Getting the Message Across That Audio OOH Truly Captivates
Ryan: The amount of scale we have — reaching millions of consumers every day walking around these locations, down the aisles and around the products — allows us to drive top of the funnel objectives for brands, such as awareness. Not only that, but based on consumers’ proximity to the message and the products being sold, they can act on their awareness immediately.
Gary: When you talk to an agency and explain audio OOH, their reactions are all over the map, in a good way! We’re digital. We’re shopper marketing. We’re this, we’re that – because audio OOH lives in the middle of the funnel. It’s a great spot to be. TV is building awareness. In-aisle and price features are at the bottom, driving purchases. But audio OOH sits in the middle, covering almost all of the bases.
Ryan: I think, too, that the format is important. Before audio OOH, traditional OOH was primarily a visual medium. There’s a screen here, there’s a display there, but not every single consumer in a location is going to see it. Whereas with in-store audio, every consumer is going to hear it. Again, it goes back to how captive this type of media really is.
Best audio OOH campaign you’ve ever heard?
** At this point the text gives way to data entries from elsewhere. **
Definition linearized (s : nat) (a : nat -> L) : {poly L} :=
  \sum_(r < s) (a r)%:P * 'X^(q ^ r).

Lemma horner_linearized s a x :
  (linearized s a).[x] = \sum_(r < s) a r * x ^+ (q ^ r).
Proof. by rewrite horner_sum; apply: eq_bigr => r _; rewrite hornerCM hornerXn. Qed.

Lemma qpoly_linearized s a : qpoly (linearized s a).
Proof.
apply: (big_ind qpoly qpoly0 qpolyD) => r _.
exact/qpolyCM/qpolyXqn.
Qed.

Lemma size_linearized s a : (size (linearized s.+1 a) <= (q ^ s).+1)%N.
Proof.
apply: (big_ind (fun P : {poly L} => (size P <= (q ^ s).+1)%N)) => [|P Q|r _].
- by rewrite size_poly0.
- by move=> szP szQ; rewrite (leq_trans (size_polyD _ _)) // geq_max szP.
rewrite mul_polyC (leq_trans (size_scale_leq _ _)) // size_polyXn ltnS.
by rewrite leq_exp2l // -ltnS.
Qed.

Lemma horner_linearized_Mq s (a : 'rV[L]_s.+1) (h : 'I_s.+1 -> L) k :
  (linearized s.+1 (fun r => a 0 (inord r))).[h k] = (a *m Mq q h) 0 k.
Proof.
rewrite horner_linearized mxE; apply: eq_bigr => r _.
by rewrite inord_val [Mq _ _ _ _]mxE.
Qed.

Lemma det_Mq_neq0 s (h : 'I_s -> L) : Fq_lin_indep q h -> \det (Mq q h) != 0.
Proof.
case: s h => [|s] h hind; first by rewrite det_mx00 oner_eq0.
apply/det0P => -[v nz_v vM].
pose P := linearized s.+1 (fun r => v 0 (inord r)).
have P0 : P = 0.
  apply: (qpoly_eq0 hind (qpoly_linearized _ _) (size_linearized _ _)) => l.
  by rewrite horner_linearized_Mq vM mxE.
case/eqP: nz_v; apply/matrixP => i j; rewrite ord1 mxE.
have := congr1 (fun p : {poly L} => p`_(q ^ j)) P0.
rewrite coef0 /P /linearized coef_sum (bigD1 j) //= big1 ?addr0.
  by rewrite coefCM coefXn eqxx mulr1 inord_val.
move=> r ne_rj; rewrite coefCM coefXn eqn_exp2l // eq_sym.
by have /negbTE -> : (r : nat) != j := ne_rj; rewrite mulr0.
Qed.

Lemma det_Dq s (h : 'I_s.+1 -> L) (i : 'I_s.+1) :
  \det (Dq q h i) =
  \sum_(r < s.+1) ((-1) ^+ (s - i) * cofactor (Mq q h) r i)%:P * 'X^(q ^ r).
Proof.
rewrite (expand_det_col _ ord_max); apply: eq_bigr => r _.
have wi_max : lift (widen_ord (leqnSn s.+1) i) ord_max = ord_max.
  by apply: val_inj; rewrite /= /bump; have := ltn_ord i; lia.
have minorE : col' ord_max (Dq q h i) = map_mx polyC (col' i (Mq q h)).
  apply/matrixP => a b; rewrite !mxE.
  have -> : lift (widen_ord (leqnSn s.+1) i) (lift ord_max b) = lift ord_max (lift i b).
    by apply: val_inj; rewrite /= /bump; have := ltn_ord i; have := ltn_ord b; lia.
  by rewrite liftK.
rewrite {1}/Dq !mxE wi_max unlift_none /cofactor minorE -map_row' det_map_mx.
rewrite mulrC; congr (_ * _).
rewrite !rmorphM /= mulrA -rmorphM /= -exprD.
have -> : (s - i + (r + i) = r + s)%N by have := ltn_ord i; lia.
by rewrite rmorphXn rmorphN rmorph1.
Qed.

(* [rho *m invmx (Mq q h)], written with the adjugate so that no invertibility
   hypothesis is needed to identify it with the coefficients of [qLagrange]. *)
Definition moore_solution s (h rho : 'I_s -> L) : 'rV[L]_s :=
  (\det (Mq q h))^-1 *: ((\row_i rho i) *m \adj (Mq q h)).

Lemma qLagrange_linearized s (h rho : 'I_s.+1 -> L) :
  qLagrange q h rho = linearized s.+1 (fun r => moore_solution h rho 0 (inord r)).
Proof.
rewrite /qLagrange /linearized.
under eq_bigr do rewrite det_Dq mulr_sumr.
rewrite exchange_big; apply: eq_bigr => r _.
under eq_bigr do rewrite mulrA -polyCM.
rewrite -mulr_suml -rmorph_sum; congr (_%:P * _).
rewrite !mxE inord_val mulr_sumr; apply: eq_bigr => i _.
by rewrite !mxE subSS -[RHS](signrMK (s - i)); ring.
Qed.

Lemma qLagrange_interp s (h rho : 'I_s.+1 -> L) k : Fq_lin_indep q h ->
  (qLagrange q h rho).[h k] = rho k.
Proof.
move=> hind; rewrite qLagrange_linearized horner_linearized_Mq /moore_solution.
rewrite -scalemxAl -mulmxA mul_adj_mx mul_mx_scalar scalerA.
by rewrite mulVf ?det_Mq_neq0 // scale1r mxE.
Qed.

Section Recursion.
Variables (g r : nat -> L) (n : nat).
Hypothesis g_indep : Fq_lin_indep q (fun j : 'I_n => g j.+1).

Lemma g_prefix_indep i : (i <= n)%N -> Fq_lin_indep q (fun j : 'I_i => g j.+1).
Proof. by move=> le_in; exact (Fq_lin_indep_widen (le_st := le_in) g_indep). Qed.

Lemma horner_PiS0 x : (PiS q g 0).[x] = x ^+ q - g 1 ^+ (q - 1) * x.
Proof. by rewrite /= !hornerE. Qed.

Lemma horner_PiSS k x : (PiS q g k.+1).[x] =
  (PiS q g k).[x] ^+ q - (PiS q g k).[g k.+2] ^+ (q - 1) * (PiS q g k).[x].
Proof. by rewrite /= horner_comp !hornerE. Qed.

Lemma qpoly_PiS k : qpoly (PiS q g k).
Proof.
by elim: k => [|k IH]; [exact: qpoly_XqBCX | exact: qpoly_comp (qpoly_XqBCX _) IH].
Qed.

Lemma size_PiS k : size (PiS q g k) = (q ^ k.+1).+1.
Proof.
elim: k => [|k IH]; first by rewrite size_XqBCX expn1.
have := size_comp_poly ('X^q - ((PiS q g k).[g k.+2] ^+ (q - 1))%:P * 'X) (PiS q g k).
rewrite size_XqBCX IH /= -expnS; case: size => [|m] /= szE; last by rewrite szE.
by have := expn_gt0 q k.+2; rewrite q_gt0 -szE.
Qed.

Lemma monic_PiS k : PiS q g k \is monic.
Proof.
elim: k => [|k IH]; first exact: monic_XqBCX.
rewrite /= monicE lead_coef_comp; last by rewrite size_PiS ltnS expn_gt0 q_gt0.
by rewrite (monicP (monic_XqBCX _)) (monicP IH) expr1n mul1r.
Qed.

Lemma PiS_root k j : (0 < j <= k.+1)%N -> (PiS q g k).[g j] = 0.
Proof.
elim: k => [|k IH] /andP[j_gt0 le_jk].
  have -> : j = 1%N by lia.
  by rewrite horner_PiS0 exprq_predK subrr.
rewrite horner_PiSS; have [le_jk1|gt_jk1] := leqP j k.+1.
  by rewrite IH ?j_gt0 // expr0q mulr0 subrr.
have -> : j = k.+2 by lia.
by rewrite exprq_predK subrr.
Qed.

Lemma PiS_annihilator k : (k < n)%N ->
  PiS q g k = annihilator (Fq_span q (fun j : 'I_k.+1 => g j.+1)).
Proof.
move=> lt_kn; apply: qpoly_annihilator.
- exact: g_prefix_indep.
- exact: monic_PiS.
- exact: size_PiS.
- exact: qpoly_PiS.
by move=> j; apply: PiS_root; rewrite /= ltn_ord.
Qed.

Lemma PiS_next_neq0 k : (k.+1 < n)%N -> (PiS q g k).[g k.+2] != 0.
Proof.
move=> lt_k1n; rewrite -rootE PiS_annihilator ?(ltnW lt_k1n) // /annihilator.
rewrite -big_enum root_prod_XsubC mem_enum.
exact: (Fq_lin_indep_notin_span (g_prefix_indep lt_k1n)).
Qed.

Lemma g1_neq0 : (0 < n)%N -> g 1 != 0.
Proof.
move=> n_gt0; apply: contraNneq (Fq_lin_indep_notin_span (g_prefix_indep n_gt0)) => ->.
rewrite inE; apply/existsP; exists [ffun => 0].
by rewrite big_ord0 eqxx andbT; apply/forallP => -[].
Qed.

Lemma qpoly_LamS k : qpoly (LamS q g r k).
Proof.
elim: k => [|k IH]; first exact: qpolyCM qpolyX.
exact: qpolyB IH (qpolyCM _ (qpoly_PiS k)).
Qed.

Lemma size_LamS k : (size (LamS q g r k) <= (q ^ k).+1)%N.
Proof.
elim: k => [|k IH].
  by rewrite /= mul_polyC (leq_trans (size_scale_leq _ _)) // size_polyX.
rewrite /= (leq_trans (size_polyD _ _)) // size_polyN geq_max mul_polyC.
rewrite (leq_trans (size_scale_leq _ _)) ?size_PiS // andbT (leq_trans IH) //.
by rewrite ltnS leq_exp2l.
Qed.

Lemma LamS_interp k j : (k < n)%N -> (j <= k)%N -> (LamS q g r k).[g j.+1] = r j.+1.
Proof.
elim: k j => [|k IH] j lt_kn le_jk.
  have -> : j = 0%N by lia.
  by rewrite /= hornerCM hornerX divfK // g1_neq0.
rewrite /= hornerD hornerN hornerCM.
have [le_jk1|gt_jk1] := leqP j k.
  by rewrite IH ?(@PiS_root k j.+1) ?mulr0 ?subr0 //; lia.
have -> : j = k.+1 by lia.
by rewrite divfK ?PiS_next_neq0 // subKr.
Qed.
Gary: This is a tough one. There is a fine line between picking a message that delivered a huge sales lift versus a message that conveyed incredible creativity. I like a Tylenol message we ran several years ago. The message helped the shopper self-diagnose whether they had a migraine versus a sinus headache.
The spot asked the shopper to tilt their head from side to side. If that affected their pain level, it was a sinus headache and they needed one type of Tylenol. If it felt the same, that required the Tylenol migraine relief product. I heard the spot in the store and saw three people in the analgesic aisle tilting their heads side to side. Mission accomplished! That was a fun one.